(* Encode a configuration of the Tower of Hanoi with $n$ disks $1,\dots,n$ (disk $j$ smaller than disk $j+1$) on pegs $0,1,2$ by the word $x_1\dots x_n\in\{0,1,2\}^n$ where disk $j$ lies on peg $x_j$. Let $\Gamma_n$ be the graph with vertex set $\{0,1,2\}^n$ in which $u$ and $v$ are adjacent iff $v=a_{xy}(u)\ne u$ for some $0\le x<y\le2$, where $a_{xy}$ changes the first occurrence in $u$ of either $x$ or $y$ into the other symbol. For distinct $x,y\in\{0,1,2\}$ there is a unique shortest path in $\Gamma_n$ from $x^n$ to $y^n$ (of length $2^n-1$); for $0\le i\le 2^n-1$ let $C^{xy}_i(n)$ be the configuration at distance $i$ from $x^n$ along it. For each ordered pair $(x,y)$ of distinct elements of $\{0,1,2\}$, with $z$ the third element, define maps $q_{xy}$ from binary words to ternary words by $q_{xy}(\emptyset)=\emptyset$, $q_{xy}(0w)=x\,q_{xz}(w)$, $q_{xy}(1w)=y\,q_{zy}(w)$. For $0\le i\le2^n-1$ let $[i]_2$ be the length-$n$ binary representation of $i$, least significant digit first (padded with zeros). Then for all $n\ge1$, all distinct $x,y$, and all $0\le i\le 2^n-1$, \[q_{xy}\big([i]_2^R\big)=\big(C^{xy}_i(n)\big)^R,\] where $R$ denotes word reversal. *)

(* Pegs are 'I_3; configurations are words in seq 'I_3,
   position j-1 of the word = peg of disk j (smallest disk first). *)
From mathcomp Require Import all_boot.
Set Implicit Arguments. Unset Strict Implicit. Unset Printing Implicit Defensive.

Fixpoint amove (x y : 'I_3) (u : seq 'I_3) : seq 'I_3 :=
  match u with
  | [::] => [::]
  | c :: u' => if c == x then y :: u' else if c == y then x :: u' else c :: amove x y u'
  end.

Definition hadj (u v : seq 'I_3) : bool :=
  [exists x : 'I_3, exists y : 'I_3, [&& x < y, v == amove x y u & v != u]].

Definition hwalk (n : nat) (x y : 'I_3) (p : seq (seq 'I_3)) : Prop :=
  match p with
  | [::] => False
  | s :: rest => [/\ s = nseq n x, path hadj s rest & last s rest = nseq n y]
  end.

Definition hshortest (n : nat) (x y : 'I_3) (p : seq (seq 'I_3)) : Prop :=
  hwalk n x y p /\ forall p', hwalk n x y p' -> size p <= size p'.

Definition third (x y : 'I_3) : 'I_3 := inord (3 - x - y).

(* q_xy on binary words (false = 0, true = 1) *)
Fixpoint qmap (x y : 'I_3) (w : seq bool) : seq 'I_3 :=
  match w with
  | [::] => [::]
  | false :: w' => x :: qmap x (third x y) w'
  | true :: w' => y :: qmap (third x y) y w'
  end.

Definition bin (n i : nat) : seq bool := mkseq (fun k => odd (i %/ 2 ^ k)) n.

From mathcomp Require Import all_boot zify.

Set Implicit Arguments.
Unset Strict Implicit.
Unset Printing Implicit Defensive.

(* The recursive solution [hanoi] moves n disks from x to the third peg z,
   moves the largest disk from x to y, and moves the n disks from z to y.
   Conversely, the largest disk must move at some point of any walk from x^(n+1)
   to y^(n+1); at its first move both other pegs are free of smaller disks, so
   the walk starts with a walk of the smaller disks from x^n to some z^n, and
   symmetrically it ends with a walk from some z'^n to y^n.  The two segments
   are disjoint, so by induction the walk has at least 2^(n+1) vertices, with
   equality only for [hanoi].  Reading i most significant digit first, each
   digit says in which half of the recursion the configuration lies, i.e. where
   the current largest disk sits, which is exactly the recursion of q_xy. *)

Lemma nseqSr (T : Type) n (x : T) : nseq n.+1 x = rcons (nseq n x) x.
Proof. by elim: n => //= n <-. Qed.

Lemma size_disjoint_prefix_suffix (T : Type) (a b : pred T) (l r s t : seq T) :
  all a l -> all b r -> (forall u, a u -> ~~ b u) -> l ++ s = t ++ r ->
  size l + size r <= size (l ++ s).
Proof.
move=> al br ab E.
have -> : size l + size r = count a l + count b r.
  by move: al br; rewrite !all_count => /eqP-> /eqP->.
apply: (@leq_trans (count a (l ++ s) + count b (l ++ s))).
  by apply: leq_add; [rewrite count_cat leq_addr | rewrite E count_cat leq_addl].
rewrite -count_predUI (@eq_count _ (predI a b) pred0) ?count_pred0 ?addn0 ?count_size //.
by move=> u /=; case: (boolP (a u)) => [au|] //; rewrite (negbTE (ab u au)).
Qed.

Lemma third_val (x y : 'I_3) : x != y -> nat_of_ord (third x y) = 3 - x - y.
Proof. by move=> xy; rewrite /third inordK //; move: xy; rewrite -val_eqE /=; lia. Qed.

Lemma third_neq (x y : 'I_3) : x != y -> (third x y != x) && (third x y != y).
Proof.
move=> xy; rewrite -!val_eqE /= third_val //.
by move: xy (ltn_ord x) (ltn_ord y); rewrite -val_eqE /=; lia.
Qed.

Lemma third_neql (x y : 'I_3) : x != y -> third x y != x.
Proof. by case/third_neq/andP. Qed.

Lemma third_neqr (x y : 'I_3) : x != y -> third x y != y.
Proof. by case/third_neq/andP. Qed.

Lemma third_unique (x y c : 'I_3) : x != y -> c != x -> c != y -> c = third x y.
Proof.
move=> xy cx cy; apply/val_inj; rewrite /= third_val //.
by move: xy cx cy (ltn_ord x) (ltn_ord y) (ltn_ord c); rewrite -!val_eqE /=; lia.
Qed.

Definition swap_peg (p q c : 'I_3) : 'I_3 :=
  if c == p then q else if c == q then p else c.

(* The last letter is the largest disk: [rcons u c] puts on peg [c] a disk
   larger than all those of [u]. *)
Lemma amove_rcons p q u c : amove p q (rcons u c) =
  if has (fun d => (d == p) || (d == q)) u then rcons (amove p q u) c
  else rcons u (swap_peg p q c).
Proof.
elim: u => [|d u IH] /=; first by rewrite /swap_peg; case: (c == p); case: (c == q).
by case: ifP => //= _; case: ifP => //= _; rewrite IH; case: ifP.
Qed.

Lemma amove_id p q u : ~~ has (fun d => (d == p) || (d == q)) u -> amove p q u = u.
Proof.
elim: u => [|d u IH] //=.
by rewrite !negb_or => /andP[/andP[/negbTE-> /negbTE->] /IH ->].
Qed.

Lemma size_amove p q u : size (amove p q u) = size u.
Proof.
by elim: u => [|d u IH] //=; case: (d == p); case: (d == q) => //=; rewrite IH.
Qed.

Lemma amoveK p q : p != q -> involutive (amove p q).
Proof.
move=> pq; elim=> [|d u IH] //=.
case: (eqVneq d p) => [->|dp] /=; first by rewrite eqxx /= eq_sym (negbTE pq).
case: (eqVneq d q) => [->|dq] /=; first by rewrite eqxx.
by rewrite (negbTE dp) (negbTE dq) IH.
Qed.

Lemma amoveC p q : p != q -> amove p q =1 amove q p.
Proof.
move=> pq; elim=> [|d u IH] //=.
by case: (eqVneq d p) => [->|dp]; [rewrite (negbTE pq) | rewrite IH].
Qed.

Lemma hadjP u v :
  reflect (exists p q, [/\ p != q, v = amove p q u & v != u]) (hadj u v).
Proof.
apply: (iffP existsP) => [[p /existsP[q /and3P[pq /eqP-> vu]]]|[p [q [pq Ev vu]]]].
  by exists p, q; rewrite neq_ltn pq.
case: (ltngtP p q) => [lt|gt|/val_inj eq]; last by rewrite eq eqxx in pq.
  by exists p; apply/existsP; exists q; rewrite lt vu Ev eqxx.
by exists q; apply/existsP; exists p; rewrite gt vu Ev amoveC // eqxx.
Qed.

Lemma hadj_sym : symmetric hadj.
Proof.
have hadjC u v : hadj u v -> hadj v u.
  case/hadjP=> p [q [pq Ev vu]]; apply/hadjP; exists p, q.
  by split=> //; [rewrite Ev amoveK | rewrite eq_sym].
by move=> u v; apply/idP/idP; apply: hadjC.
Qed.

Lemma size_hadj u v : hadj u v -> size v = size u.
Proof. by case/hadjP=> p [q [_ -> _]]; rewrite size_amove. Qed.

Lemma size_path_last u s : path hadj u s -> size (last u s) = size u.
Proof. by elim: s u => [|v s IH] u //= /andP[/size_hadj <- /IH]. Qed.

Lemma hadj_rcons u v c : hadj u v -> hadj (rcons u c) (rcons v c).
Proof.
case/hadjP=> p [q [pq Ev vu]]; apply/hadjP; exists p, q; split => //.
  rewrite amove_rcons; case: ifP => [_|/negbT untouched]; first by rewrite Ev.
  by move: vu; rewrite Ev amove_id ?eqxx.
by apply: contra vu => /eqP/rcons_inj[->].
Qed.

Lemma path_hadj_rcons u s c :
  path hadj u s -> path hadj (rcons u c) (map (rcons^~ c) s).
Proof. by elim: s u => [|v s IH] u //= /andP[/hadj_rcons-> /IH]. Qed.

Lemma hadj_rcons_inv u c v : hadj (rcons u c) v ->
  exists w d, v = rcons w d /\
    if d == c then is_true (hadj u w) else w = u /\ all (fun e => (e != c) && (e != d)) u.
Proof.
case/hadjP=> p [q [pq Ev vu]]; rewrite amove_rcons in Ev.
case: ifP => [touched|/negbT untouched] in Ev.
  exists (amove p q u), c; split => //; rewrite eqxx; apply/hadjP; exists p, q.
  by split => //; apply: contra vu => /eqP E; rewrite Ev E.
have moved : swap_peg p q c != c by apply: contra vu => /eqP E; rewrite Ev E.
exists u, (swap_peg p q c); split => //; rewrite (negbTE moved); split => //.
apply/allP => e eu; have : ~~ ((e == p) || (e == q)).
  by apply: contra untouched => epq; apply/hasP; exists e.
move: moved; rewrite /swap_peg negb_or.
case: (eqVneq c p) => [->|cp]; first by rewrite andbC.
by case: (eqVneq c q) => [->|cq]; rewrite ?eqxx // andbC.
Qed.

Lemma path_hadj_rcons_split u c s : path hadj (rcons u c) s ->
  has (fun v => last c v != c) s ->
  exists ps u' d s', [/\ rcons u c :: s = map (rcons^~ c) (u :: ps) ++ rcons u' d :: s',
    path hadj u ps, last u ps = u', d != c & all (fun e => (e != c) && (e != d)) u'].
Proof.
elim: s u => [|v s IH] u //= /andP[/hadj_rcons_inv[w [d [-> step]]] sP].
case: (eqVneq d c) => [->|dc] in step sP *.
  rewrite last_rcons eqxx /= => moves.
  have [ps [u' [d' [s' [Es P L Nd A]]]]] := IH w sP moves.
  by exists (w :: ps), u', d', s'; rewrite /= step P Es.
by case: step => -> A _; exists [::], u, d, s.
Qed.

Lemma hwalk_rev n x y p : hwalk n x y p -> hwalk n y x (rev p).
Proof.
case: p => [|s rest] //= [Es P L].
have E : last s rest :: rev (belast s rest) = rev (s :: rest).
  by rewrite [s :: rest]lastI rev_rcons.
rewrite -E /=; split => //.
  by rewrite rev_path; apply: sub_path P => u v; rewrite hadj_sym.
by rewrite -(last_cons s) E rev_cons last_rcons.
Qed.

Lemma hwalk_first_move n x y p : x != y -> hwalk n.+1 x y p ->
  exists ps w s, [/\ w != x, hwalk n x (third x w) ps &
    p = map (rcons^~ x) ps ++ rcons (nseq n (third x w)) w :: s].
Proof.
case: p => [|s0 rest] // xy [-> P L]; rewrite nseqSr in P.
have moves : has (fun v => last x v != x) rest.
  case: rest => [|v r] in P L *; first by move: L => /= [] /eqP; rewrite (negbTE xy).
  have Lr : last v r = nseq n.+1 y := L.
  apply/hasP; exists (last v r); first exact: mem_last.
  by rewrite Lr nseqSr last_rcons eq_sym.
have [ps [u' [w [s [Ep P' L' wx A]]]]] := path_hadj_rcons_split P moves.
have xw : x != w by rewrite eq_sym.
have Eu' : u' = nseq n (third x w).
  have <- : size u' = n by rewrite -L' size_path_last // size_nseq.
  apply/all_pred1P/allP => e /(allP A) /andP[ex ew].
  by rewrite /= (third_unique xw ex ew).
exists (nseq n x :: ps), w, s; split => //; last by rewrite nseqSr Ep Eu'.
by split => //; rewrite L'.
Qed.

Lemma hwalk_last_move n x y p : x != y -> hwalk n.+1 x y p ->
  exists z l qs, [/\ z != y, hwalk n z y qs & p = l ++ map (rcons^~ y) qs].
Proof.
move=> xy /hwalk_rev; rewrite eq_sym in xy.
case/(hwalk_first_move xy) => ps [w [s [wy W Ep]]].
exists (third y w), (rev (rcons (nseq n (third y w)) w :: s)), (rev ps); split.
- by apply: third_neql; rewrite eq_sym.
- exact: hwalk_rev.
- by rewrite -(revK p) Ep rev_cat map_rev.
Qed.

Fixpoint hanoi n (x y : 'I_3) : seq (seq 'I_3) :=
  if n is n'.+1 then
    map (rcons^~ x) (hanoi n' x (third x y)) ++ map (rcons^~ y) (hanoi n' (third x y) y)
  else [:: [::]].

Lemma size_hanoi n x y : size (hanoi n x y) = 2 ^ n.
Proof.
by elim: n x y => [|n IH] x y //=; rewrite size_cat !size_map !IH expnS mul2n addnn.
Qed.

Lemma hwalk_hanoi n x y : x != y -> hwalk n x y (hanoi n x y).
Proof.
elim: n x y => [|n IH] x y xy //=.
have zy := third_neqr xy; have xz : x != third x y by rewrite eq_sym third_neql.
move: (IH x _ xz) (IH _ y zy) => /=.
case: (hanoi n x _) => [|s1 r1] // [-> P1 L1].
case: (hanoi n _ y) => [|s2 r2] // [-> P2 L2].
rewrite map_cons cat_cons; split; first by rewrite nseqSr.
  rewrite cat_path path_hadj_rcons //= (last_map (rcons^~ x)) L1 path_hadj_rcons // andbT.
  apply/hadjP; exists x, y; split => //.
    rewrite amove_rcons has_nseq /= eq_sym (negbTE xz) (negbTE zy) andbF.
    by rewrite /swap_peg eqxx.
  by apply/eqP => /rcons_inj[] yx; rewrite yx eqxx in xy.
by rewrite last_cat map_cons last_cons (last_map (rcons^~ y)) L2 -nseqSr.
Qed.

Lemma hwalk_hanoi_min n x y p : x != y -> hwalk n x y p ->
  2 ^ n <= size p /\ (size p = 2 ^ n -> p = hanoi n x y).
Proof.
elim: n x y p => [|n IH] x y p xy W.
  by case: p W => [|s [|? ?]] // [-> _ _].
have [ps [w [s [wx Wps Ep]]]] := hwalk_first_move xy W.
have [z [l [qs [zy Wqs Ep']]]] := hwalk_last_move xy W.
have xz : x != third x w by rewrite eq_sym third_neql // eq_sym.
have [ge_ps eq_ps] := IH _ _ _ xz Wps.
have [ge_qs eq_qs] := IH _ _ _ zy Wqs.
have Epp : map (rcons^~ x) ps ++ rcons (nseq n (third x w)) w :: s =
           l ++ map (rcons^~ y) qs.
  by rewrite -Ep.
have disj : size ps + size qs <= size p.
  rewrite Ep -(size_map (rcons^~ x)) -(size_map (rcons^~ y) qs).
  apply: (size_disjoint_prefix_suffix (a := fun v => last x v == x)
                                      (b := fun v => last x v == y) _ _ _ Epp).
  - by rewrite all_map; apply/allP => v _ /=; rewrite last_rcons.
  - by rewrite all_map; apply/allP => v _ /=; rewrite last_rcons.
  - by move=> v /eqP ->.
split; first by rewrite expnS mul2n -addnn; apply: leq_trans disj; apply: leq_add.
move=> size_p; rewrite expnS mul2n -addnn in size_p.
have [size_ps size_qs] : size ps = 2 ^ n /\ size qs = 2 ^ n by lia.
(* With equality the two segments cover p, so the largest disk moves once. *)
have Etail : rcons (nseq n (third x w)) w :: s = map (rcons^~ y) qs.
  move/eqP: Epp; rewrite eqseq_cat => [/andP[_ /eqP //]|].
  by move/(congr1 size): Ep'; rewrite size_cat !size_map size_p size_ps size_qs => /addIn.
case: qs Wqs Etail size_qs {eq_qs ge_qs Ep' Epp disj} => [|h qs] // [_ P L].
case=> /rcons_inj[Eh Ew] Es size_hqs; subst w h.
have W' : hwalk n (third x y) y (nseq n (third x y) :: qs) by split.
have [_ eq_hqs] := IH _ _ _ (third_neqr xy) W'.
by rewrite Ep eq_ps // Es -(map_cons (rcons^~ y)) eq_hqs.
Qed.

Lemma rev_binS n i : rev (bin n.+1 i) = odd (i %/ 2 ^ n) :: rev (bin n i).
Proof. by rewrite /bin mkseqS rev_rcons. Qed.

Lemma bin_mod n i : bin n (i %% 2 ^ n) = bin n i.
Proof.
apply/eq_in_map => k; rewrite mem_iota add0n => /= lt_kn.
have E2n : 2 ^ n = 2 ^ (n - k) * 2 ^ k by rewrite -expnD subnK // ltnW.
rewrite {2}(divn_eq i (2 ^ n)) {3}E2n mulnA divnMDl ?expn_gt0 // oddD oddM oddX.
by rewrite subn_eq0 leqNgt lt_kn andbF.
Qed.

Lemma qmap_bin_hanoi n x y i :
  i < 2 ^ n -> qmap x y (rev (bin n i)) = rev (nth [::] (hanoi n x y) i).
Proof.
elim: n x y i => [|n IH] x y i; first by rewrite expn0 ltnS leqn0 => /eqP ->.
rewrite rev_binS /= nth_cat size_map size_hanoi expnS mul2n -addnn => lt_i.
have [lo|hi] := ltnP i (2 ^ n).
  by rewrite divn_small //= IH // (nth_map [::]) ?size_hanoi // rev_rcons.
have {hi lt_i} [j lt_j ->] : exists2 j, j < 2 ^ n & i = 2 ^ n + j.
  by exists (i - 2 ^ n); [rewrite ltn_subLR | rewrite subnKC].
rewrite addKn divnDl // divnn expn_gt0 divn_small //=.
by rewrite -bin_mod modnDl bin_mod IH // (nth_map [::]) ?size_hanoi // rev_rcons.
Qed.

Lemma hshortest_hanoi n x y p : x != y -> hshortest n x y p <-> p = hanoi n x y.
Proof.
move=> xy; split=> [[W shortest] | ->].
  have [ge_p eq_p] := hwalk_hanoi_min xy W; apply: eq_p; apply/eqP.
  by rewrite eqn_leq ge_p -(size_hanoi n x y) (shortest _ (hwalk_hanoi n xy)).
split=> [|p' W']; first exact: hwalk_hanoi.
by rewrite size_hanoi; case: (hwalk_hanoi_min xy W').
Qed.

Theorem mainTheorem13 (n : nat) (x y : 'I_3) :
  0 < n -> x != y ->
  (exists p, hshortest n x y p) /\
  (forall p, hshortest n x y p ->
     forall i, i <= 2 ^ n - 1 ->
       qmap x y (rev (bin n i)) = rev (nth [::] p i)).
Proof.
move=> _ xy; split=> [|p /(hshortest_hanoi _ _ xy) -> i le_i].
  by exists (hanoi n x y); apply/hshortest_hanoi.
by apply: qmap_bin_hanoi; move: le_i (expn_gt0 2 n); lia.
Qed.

*-*-*

What the exercise asks - From the records above, how many lines include the word "moves"? Only the number is wanted.

Problem solution - 7